» **Problem**:
Your answer should be the lines below from the one holding "(vpf A b <= vpf A a)%N." through the one holding "by rewrite Ay;", copied exactly and with nothing else.

(Collection entries)
○ ○ ○

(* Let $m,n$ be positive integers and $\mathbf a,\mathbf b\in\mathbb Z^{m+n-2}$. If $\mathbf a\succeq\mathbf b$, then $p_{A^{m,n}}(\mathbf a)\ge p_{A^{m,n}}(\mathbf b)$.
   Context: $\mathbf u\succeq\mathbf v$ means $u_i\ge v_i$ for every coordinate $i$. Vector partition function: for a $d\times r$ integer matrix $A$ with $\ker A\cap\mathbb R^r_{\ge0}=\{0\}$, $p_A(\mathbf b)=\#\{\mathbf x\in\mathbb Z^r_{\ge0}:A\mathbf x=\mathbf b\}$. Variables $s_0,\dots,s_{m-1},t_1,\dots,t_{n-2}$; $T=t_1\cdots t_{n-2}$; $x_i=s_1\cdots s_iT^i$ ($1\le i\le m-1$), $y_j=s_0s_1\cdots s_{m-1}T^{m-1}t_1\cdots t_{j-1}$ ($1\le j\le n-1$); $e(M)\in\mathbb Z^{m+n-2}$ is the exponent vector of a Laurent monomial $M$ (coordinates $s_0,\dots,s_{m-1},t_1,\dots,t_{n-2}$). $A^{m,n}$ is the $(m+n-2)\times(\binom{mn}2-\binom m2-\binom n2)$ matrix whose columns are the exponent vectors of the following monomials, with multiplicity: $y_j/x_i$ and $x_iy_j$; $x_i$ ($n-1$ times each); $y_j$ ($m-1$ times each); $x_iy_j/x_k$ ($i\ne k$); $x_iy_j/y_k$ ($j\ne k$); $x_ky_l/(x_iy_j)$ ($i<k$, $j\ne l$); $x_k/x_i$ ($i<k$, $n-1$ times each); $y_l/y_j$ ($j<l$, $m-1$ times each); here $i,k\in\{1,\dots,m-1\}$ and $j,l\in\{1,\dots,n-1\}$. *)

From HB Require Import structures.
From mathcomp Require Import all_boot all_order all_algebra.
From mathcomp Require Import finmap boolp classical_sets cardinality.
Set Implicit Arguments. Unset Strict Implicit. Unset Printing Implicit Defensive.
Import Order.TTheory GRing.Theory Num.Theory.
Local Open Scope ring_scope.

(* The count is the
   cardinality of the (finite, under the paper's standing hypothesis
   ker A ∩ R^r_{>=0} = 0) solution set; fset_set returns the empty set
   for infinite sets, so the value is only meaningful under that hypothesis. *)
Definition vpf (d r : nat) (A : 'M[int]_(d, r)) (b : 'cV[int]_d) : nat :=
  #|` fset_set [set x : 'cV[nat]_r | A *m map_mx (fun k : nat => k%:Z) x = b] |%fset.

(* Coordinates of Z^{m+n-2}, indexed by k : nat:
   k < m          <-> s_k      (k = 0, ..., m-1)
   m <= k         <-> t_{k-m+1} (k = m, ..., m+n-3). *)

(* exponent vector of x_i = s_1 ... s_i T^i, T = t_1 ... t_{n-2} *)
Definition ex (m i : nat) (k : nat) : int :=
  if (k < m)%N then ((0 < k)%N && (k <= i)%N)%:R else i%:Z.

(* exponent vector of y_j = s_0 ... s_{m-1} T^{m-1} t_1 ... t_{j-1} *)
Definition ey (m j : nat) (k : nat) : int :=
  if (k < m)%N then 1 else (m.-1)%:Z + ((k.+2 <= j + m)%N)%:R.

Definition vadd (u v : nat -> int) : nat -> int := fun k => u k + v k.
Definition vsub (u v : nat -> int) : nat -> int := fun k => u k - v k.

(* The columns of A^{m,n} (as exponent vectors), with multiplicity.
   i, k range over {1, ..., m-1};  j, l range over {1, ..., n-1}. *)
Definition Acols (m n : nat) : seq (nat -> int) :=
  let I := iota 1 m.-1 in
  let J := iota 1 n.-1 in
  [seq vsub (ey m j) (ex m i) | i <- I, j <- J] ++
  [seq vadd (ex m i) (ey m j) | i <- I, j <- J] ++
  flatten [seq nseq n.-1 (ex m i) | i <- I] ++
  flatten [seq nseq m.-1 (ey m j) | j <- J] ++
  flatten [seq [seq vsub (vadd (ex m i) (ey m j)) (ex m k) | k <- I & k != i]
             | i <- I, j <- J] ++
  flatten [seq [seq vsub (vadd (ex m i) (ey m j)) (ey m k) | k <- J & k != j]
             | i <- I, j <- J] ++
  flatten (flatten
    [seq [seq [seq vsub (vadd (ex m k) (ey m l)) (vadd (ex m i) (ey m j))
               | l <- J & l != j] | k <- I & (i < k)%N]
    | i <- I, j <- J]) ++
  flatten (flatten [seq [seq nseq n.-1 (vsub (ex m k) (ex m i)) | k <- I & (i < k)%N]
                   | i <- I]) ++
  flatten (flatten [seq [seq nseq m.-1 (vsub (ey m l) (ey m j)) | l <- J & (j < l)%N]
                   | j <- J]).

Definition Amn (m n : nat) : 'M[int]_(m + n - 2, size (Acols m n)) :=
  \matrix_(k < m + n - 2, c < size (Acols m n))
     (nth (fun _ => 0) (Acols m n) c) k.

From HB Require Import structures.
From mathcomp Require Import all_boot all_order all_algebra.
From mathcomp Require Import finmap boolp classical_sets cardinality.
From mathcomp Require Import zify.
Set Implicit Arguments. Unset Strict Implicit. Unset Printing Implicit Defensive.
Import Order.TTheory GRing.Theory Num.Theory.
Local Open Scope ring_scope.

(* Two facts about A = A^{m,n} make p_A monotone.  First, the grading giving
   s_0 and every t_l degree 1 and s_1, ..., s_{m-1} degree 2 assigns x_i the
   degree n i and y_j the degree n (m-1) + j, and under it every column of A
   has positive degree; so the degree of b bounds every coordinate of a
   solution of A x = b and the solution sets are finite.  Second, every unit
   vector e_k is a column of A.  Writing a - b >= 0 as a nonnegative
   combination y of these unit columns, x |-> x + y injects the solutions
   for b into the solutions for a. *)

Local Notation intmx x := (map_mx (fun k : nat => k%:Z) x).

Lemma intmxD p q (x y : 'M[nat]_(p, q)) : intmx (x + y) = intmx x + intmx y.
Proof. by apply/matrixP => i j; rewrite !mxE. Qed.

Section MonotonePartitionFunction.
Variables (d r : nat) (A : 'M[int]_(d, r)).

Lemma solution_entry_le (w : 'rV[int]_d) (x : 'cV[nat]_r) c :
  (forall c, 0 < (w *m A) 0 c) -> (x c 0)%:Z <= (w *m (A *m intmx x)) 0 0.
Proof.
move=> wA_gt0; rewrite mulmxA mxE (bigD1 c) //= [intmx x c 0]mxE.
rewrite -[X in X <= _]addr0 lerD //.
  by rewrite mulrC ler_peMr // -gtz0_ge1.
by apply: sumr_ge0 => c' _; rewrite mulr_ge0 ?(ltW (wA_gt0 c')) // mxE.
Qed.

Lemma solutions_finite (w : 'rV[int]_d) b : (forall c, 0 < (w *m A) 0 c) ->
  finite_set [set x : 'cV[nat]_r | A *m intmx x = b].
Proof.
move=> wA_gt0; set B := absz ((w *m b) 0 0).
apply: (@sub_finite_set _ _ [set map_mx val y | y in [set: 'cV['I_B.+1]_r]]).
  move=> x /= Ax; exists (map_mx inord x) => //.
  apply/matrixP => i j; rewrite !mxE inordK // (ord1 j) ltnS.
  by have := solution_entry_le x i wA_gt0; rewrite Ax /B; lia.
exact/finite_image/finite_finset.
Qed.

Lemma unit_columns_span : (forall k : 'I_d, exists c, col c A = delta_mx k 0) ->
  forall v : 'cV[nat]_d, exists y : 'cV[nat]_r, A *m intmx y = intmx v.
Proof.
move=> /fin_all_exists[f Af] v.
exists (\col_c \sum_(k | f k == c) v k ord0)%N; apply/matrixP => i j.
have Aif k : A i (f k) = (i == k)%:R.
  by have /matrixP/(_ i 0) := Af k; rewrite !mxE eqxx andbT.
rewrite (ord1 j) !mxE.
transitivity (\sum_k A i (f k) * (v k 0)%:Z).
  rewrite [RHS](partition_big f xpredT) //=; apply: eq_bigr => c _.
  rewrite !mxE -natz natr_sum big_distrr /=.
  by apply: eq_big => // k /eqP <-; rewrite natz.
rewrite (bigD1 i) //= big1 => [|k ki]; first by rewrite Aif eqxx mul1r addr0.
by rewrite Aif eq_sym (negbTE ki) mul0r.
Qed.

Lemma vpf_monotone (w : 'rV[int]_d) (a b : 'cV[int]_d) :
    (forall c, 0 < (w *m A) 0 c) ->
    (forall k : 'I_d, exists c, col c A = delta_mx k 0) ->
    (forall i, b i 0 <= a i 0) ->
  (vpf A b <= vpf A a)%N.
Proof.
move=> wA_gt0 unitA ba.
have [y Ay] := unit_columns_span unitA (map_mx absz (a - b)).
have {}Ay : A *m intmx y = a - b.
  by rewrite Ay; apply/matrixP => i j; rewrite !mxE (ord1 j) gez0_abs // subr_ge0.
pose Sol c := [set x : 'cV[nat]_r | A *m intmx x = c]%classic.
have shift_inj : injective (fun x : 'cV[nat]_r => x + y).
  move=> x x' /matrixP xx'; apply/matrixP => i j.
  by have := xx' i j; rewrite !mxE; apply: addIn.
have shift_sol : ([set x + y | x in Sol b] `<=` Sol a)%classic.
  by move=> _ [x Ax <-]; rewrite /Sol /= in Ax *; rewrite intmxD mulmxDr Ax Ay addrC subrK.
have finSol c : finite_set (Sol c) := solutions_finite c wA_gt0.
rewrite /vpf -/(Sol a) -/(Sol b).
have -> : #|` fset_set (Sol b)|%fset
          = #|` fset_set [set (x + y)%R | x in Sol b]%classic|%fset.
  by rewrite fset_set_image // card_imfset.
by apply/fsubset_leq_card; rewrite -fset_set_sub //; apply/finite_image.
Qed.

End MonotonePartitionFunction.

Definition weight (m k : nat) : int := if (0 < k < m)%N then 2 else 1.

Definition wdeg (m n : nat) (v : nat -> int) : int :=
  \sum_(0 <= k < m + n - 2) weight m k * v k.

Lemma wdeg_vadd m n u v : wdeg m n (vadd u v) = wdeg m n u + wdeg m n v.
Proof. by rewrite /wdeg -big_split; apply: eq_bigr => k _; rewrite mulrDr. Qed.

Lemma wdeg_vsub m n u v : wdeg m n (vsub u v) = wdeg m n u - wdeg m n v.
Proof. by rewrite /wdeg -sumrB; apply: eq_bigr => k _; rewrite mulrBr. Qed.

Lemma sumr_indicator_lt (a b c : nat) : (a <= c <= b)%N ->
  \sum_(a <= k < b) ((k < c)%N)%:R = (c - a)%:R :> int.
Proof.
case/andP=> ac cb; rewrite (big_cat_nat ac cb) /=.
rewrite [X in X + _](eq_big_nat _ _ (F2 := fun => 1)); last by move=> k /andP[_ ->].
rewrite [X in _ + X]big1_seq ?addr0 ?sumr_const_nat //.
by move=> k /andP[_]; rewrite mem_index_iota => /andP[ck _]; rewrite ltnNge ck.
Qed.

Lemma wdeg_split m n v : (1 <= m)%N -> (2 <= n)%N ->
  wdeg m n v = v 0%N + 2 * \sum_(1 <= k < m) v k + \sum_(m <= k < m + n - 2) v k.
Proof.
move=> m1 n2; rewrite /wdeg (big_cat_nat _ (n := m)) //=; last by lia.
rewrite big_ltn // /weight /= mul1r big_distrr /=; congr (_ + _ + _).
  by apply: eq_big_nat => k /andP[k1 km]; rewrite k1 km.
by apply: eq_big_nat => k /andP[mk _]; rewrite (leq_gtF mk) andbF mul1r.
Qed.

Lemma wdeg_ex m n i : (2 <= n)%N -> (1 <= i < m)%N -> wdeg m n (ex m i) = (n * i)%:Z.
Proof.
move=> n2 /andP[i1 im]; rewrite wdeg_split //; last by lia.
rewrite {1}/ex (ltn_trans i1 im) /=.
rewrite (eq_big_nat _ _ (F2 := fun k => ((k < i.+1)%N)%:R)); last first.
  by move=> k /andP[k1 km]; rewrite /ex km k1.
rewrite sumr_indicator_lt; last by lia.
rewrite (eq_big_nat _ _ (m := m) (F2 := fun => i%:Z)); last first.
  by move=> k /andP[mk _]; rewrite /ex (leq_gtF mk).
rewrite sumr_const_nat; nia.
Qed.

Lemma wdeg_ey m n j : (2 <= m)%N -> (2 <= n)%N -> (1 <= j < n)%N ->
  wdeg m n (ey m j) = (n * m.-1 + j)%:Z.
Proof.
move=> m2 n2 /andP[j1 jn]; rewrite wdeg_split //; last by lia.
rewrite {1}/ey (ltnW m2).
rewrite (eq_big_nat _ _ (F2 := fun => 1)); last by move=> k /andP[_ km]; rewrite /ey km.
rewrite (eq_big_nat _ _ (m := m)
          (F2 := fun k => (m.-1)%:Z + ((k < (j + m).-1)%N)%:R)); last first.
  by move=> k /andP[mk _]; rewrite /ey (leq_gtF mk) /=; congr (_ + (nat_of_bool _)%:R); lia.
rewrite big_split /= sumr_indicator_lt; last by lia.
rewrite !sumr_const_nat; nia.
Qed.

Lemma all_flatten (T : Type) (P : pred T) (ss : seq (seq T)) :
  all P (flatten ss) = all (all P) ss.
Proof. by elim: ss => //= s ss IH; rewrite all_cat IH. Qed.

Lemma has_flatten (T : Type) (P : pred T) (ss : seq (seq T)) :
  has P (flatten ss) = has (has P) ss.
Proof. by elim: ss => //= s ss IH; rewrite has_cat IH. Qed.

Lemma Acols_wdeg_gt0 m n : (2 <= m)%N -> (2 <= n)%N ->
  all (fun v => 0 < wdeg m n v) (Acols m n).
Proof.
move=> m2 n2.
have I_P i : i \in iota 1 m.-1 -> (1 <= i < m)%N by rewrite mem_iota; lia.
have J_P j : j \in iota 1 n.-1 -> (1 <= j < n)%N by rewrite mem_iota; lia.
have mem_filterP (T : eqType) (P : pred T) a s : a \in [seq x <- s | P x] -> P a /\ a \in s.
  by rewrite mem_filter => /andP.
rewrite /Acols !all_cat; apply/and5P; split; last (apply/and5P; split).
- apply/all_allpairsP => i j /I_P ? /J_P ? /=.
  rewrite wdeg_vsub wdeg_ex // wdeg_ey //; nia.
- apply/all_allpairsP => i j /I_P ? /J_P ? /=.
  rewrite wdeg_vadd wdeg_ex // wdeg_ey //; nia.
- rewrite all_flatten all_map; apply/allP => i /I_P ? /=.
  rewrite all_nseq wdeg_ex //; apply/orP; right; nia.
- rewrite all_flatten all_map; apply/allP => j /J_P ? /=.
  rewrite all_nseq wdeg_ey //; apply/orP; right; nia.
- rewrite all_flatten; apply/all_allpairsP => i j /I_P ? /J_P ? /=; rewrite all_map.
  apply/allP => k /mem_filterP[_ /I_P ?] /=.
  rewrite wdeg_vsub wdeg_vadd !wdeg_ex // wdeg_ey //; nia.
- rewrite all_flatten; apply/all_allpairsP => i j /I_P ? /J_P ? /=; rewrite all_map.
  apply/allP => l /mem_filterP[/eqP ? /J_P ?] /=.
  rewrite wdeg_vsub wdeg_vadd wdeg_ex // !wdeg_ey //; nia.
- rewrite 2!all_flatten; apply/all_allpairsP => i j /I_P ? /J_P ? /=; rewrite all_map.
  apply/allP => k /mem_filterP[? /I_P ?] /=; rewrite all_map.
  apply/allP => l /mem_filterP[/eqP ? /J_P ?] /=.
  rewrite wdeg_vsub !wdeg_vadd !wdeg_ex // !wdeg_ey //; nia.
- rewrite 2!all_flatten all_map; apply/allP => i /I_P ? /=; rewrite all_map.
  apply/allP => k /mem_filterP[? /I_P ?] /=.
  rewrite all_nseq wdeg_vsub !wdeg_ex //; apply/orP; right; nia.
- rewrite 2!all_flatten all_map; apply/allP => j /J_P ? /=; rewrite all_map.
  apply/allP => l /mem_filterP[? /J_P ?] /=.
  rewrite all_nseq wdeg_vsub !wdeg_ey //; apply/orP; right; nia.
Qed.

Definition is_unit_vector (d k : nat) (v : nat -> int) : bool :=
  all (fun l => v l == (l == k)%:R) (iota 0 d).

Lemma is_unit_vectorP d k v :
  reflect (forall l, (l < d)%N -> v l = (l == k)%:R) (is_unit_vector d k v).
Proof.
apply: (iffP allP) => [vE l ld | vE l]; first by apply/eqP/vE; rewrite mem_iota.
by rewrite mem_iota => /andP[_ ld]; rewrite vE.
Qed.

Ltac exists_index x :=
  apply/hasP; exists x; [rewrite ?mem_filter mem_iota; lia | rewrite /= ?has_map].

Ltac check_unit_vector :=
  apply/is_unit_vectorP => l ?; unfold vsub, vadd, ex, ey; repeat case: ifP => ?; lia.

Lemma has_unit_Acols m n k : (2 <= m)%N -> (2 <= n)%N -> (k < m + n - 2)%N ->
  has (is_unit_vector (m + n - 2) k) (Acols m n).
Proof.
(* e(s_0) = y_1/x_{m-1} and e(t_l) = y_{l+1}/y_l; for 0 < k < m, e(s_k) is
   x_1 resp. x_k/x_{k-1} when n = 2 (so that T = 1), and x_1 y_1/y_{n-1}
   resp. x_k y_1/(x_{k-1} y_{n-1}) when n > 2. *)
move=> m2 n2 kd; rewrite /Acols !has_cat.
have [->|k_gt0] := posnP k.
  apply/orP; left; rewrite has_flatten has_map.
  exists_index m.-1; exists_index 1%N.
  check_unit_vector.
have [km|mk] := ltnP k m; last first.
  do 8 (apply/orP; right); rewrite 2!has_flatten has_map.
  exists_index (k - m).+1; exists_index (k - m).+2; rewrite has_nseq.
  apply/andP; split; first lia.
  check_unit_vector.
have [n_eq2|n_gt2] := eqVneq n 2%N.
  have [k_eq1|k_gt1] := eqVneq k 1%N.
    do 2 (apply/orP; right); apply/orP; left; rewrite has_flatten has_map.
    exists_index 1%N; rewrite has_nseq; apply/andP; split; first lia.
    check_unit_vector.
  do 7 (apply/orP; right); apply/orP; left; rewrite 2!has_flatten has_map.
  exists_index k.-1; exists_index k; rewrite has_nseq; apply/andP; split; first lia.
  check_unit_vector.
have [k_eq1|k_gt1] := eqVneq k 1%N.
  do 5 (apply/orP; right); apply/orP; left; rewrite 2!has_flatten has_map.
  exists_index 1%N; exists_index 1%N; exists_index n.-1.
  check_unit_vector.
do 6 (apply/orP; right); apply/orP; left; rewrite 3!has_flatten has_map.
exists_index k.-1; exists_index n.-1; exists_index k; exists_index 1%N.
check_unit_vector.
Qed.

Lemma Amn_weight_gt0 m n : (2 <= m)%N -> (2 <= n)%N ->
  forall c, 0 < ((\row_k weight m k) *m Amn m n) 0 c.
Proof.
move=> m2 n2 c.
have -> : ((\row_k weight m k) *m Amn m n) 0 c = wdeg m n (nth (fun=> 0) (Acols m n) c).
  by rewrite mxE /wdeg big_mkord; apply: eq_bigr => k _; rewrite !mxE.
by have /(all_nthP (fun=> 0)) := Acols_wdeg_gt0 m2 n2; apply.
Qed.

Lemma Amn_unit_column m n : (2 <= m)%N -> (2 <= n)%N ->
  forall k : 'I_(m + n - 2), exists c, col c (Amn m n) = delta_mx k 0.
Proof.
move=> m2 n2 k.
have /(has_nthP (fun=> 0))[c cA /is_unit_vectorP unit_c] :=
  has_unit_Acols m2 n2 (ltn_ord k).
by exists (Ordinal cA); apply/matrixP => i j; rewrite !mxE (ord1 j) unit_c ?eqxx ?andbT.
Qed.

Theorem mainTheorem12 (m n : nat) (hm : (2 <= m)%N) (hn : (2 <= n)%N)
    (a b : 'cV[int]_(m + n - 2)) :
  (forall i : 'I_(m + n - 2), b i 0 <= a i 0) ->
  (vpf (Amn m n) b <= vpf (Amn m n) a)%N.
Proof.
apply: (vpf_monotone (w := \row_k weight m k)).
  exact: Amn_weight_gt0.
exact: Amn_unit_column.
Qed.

○ ○ ○

» **Written response**:
  (vpf A b <= vpf A a)%N.
Proof.
move=> wA_gt0 unitA ba.
have [y Ay] := unit_columns_span unitA (map_mx absz (a - b)).
have {}Ay : A *m intmx y = a - b.
  by rewrite Ay; apply/matrixP => i j; rewrite !mxE (ord1 j) gez0_abs // subr_ge0.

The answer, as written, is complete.